* **What the task requires**
Please report how many lines in the data underneath hold the word "last", with no other text.

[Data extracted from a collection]
════════════════
Lemma ramsey_number_completeP : ramsey_prop (complete_kgraph k n) RK.
Proof.
rewrite /ramsey_number; case: excluded_middle_informative => [ex | []].
  by case: ex_minnP.
have [N RN] := ramsey_bound_exists k n n.
exists N; apply: ramsey_prop_complete => chi.
have [|S [b [_ hS homS]]] := RN _ [set: 'I_N] chi; first by rewrite cardsT card_ord.
by exists S, b; case: b hS homS.
Qed.

Lemma ramsey_number_complete_ge : n <= RK.
Proof.
case/forallP/(_ [ffun => true])/existsP: ramsey_number_completeP => phi.
by case/andP => /injectiveP/leq_card; rewrite !card_ord.
Qed.

Lemma hom_free_ramsey_number_gt L (chi : {set 'I_L} -> bool) :
  hom_free chi k n -> L < RK.
Proof.
move=> hf; rewrite ltnNge; apply/negP => le_RK.
have w_inj : injective (widen_ord le_RK) by move=> x y /(congr1 val)/=/ord_inj.
have := hom_free_not_ramsey_prop (hom_free_comp w_inj hf).
by rewrite ramsey_number_completeP.
Qed.

End CompleteRamseyNumber.

(** * Random colourings *)

Lemma card_ffun_const_on (T : finType) (D : {set T}) (b : bool) :
  #|[set f : {ffun T -> bool} | [forall x in D, f x == b]]| * 2 ^ #|D| = 2 ^ #|T|.
Proof.
have -> : #|[set f : {ffun T -> bool} | [forall x in D, f x == b]]| =
          #|pffun_on b (~: D) [set: bool]|.
  apply: eq_card => f; rewrite inE; apply/forall_inP/pffun_onP => [fD | [fD _] x xD].
    split; last by move=> y; rewrite inE.
    by apply/subsetP => x; rewrite !inE; apply: contra => /fD.
  by apply: contraLR xD => fxb; have := subsetP fD x fxb; rewrite inE.
by rewrite card_pffun_on cardsT card_bool -expnD addnC cardsC.
Qed.

Lemma card_bigcup_leq (I T : finType) (P : pred I) (F : I -> {set T}) :
  #|\bigcup_(i | P i) F i| <= \sum_(i | P i) #|F i|.
Proof.
elim/big_ind2: _ => [|X1 s1 X2 s2 le1 le2|//]; first by rewrite cards0.
by rewrite cardsU; lia.
Qed.

(* Union bound: fewer than [2 ^ #|T|] colourings make some [n]-set homogeneous. *)
Lemma hom_free_random L j n : 'C(L, n) * 2 < 2 ^ 'C(n, j) ->
  exists chi : {set 'I_L} -> bool, hom_free chi j n.
Proof.
move=> hC; pose T := {set 'I_L}.
pose hom_cols (S : T) b :=
  [set f : {ffun T -> bool} |
    [forall A in [set A : T | A \subset S & #|A| == j], f A == b]].
pose Bad := \bigcup_(S : T | #|S| == n) (hom_cols S true :|: hom_cols S false).
have card_hom_cols (S : T) b : #|S| = n -> #|hom_cols S b| * 2 ^ 'C(n, j) = 2 ^ #|T|.
  by move=> <-; rewrite -cards_draws card_ffun_const_on.
have card_Bad : #|Bad| * 2 ^ 'C(n, j) < 2 ^ #|T| * 2 ^ 'C(n, j).
  apply: (@leq_ltn_trans ('C(L, n) * 2 * 2 ^ #|T|)); last first.
    by rewrite mulnC ltn_pmul2l ?expn_gt0.
  apply: leq_trans (leq_mul (card_bigcup_leq _ _) (leqnn _)) _.
  rewrite big_distrl /=.
  rewrite (eq_bigl (fun S => S \in [set S : T | #|S| == n])) => [|S]; last by rewrite inE.
  have card_nsets : #|[set S : T | #|S| == n]| = 'C(L, n) by rewrite card_draws card_ord.
  rewrite -card_nsets -mulnA -sum_nat_const; apply: leq_sum => S.
  rewrite inE => /eqP cS; apply: leq_trans (leq_mul (leq_card_setU _ _) (leqnn _)) _.
  by rewrite mulnDl !card_hom_cols // addnn mul2n.
have [f f_good] : exists f : {ffun T -> bool}, f \notin Bad.
  apply/existsP; rewrite -negb_forall; apply/negP => /forallP all_bad.
  have eBad : Bad = setT by apply/setP => f; rewrite inE all_bad.
  by move: card_Bad; rewrite eBad cardsT card_ffun card_bool ltnn.
exists (fun A => f A) => S b hS homS; have [S' sS' cS'] := subset_of_card hS.
apply: (negP f_good); apply/bigcupP; exists S'; first by rewrite cS'.
have : f \in hom_cols S' b.
  rewrite inE; apply/forall_inP => A; rewrite inE => /andP[sA /eqP cA].
  by rewrite (homogeneousS sS' homS).
by case: b {homS} => fh; rewrite inE fh ?orbT.
Qed.
Lemma mulrn_invX_le (R : numFieldType) (n k p : nat) : (k <= n)%N ->
  (n%:R ^+ p.+2)^-1 *+ (n * k) <= (n%:R ^+ p)^-1 :> R.
Proof.
move=> k_le_n; apply: le_trans (ler_wpMn2l _ (leq_mul (leqnn n) k_le_n)) _.
  by rewrite invr_ge0 exprn_ge0.
have [-> | n_gt0] := posnP n; first by rewrite mulr0n invr_ge0 exprn_ge0.
rewrite mulnn -[_ *+ (n ^ 2)]mulr_natr natrX [leLHS](_ : _ = (n%:R ^+ p)^-1) //.
by rewrite -addn2 exprD invfM -mulrA mulVf ?mulr1 // expf_neq0 // pnatr_eq0 -lt0n.
Qed.

Theorem lemma3p4 (R : realType) (n k : nat) (c : 'I_n -> 'I_k)
  (c_surj : forall i : 'I_k, exists v : 'I_n, c v = i)
  (delta eta : R) (hd0 : 0 < delta) (hd1 : delta < 1)
  (he0 : 0 < eta) (he1 : eta <= 1/2)
  (B : 'I_k -> {set 'I_n})
  (hB : forall i, biased c eta i (B i))
  (hsize : forall i, 16 * ln (n%:R) / (eta ^+ 2 * delta ^+ 2) <= #|B i|%:R) :
  1 - (n%:R ^+ 6)^-1 <=
  Pr delta (fun s => [forall v : 'I_n, forall i : 'I_k,
      ((c v == i) ==> ClusterVerify c s v (B i)) &&
      ((c v != i) ==> ~~ ClusterVerify c s v (B i))]).
Proof.
set good := (fun s => _).
have k_le_n : (k <= n)%N by rewrite -[k]card_ord -[n]card_ord; apply: leq_card_surj c_surj.
pose err (p : 'I_n * 'I_k) s := ~~ (((c p.1 == p.2) ==> ClusterVerify c s p.1 (B p.2))
                                 && ((c p.1 != p.2) ==> ~~ ClusterVerify c s p.1 (B p.2))).
have err_le p : Pr delta (err p) <= (n%:R ^+ 8)^-1.
  have n_ge1 : 1 <= n%:R :> R by rewrite ler1n (leq_ltn_trans _ (ltn_ord p.1)).
  apply: le_trans (Pr_ClusterVerify_err (ltW hd0) (ltW hd1) (ltW he0) p.1 (hB p.2)) _.
  apply: expR_le_invX; first exact: lt_le_trans ltr01 n_ge1.
  have := hsize p.2; rewrite ler_pdivrMr ?mulr_gt0 ?exprn_gt0 // exprMn [delta ^+ 2 * _]mulrC.
  by have := ln_ge0 n_ge1; lra.
suff bad_le : Pr delta (predC good) <= (n%:R ^+ 6)^-1.
  by have := Pr_add_predC delta good; lra.
have delta_geN1 : -1 <= delta by lra.
apply: le_trans (Pr_union_le delta_geN1 (ltW hd1) (F := err) _) _.
  by move=> s /forallPn[v /forallPn[i err_vi]]; exists (v, i).
apply: le_trans (ler_sum _ (fun p _ => err_le p)) _.
by rewrite sumr_const card_prod !card_ord mulrn_invX_le.
Qed.
(* Let $M_{\mathcal X}>0$, $M_{\mathcal Y}>0$, $\kappa_t>0$, $\sigma_t>0$ for $t\in\mathcal T$, and $r=\sum_{t\in\mathcal T}\kappa_t/\sigma_t$. Consider the two-player game in which $\mathcal X$ chooses $\boldsymbol X\in\mathbb R^T_{\ge0}$ with $\sum_t\kappa_tX_t=M_{\mathcal X}$ and receives $\pi^*_{\mathrm{WL}}(\boldsymbol X,\boldsymbol Y)$, while $\mathcal Y$ chooses $\boldsymbol Y\in\mathbb R^T_{\ge0}$ with $\sum_t\sigma_tY_t=M_{\mathcal Y}$ and receives $1-\pi^*_{\mathrm{WL}}(\boldsymbol X,\boldsymbol Y)$. Then the equilibrium investment profile is $$X^*_t=\frac{M_{\mathcal X}}{\kappa_t}\cdot\frac{\kappa_t/\sigma_t}{r},\qquad Y^*_t=\frac{M_{\mathcal Y}}{\sigma_t}\cdot\frac{\kappa_t/\sigma_t}{r},\qquad t\in\mathcal T,$$ and the equilibrium payoffs are $\pi^*_{\mathrm{WL}}(\boldsymbol X^*,\boldsymbol Y^* )=L\big(\frac{M_{\mathcal Y}}{M_{\mathcal X}}r\big)$ for $\mathcal X$ and $1-L\big(\frac{M_{\mathcal Y}}{M_{\mathcal X}}r\big)$ for $\mathcal Y$.
   Context: $\mathcal T=\{1,\dots,T\}$, $T\ge1$. The function $L:[0,\infty]\to[0,1]$ is $L(\alpha)=1-\alpha/2$ if $\alpha\le1$, $L(\alpha)=1/(2\alpha)$ if $1<\alpha<\infty$, $L(\infty)=0$. For $\boldsymbol X,\boldsymbol Y\in\mathbb R^T_{\ge0}$, $\alpha(\boldsymbol X,\boldsymbol Y)=\sum_tY_t/X_t\in[0,\infty]$, where a term with $Y_t=0$ equals $0$ and a term with $X_t=0<Y_t$ equals $+\infty$; $\pi^*_{\mathrm{WL}}(\boldsymbol X,\boldsymbol Y)=L(\alpha(\boldsymbol X,\boldsymbol Y))$. An equilibrium is a feasible pair from which neither player can strictly improve its own payoff by a unilateral feasible deviation. *)

From HB Require Import structures.
From mathcomp Require Import all_boot all_order all_algebra.
From mathcomp Require Import reals constructive_ereal.
Set Implicit Arguments. Unset Strict Implicit. Unset Printing Implicit Defensive.
Import Order.TTheory GRing.Theory Num.Theory.
Local Open Scope ring_scope.
Local Open Scope ereal_scope.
════════════════
* **Output**
3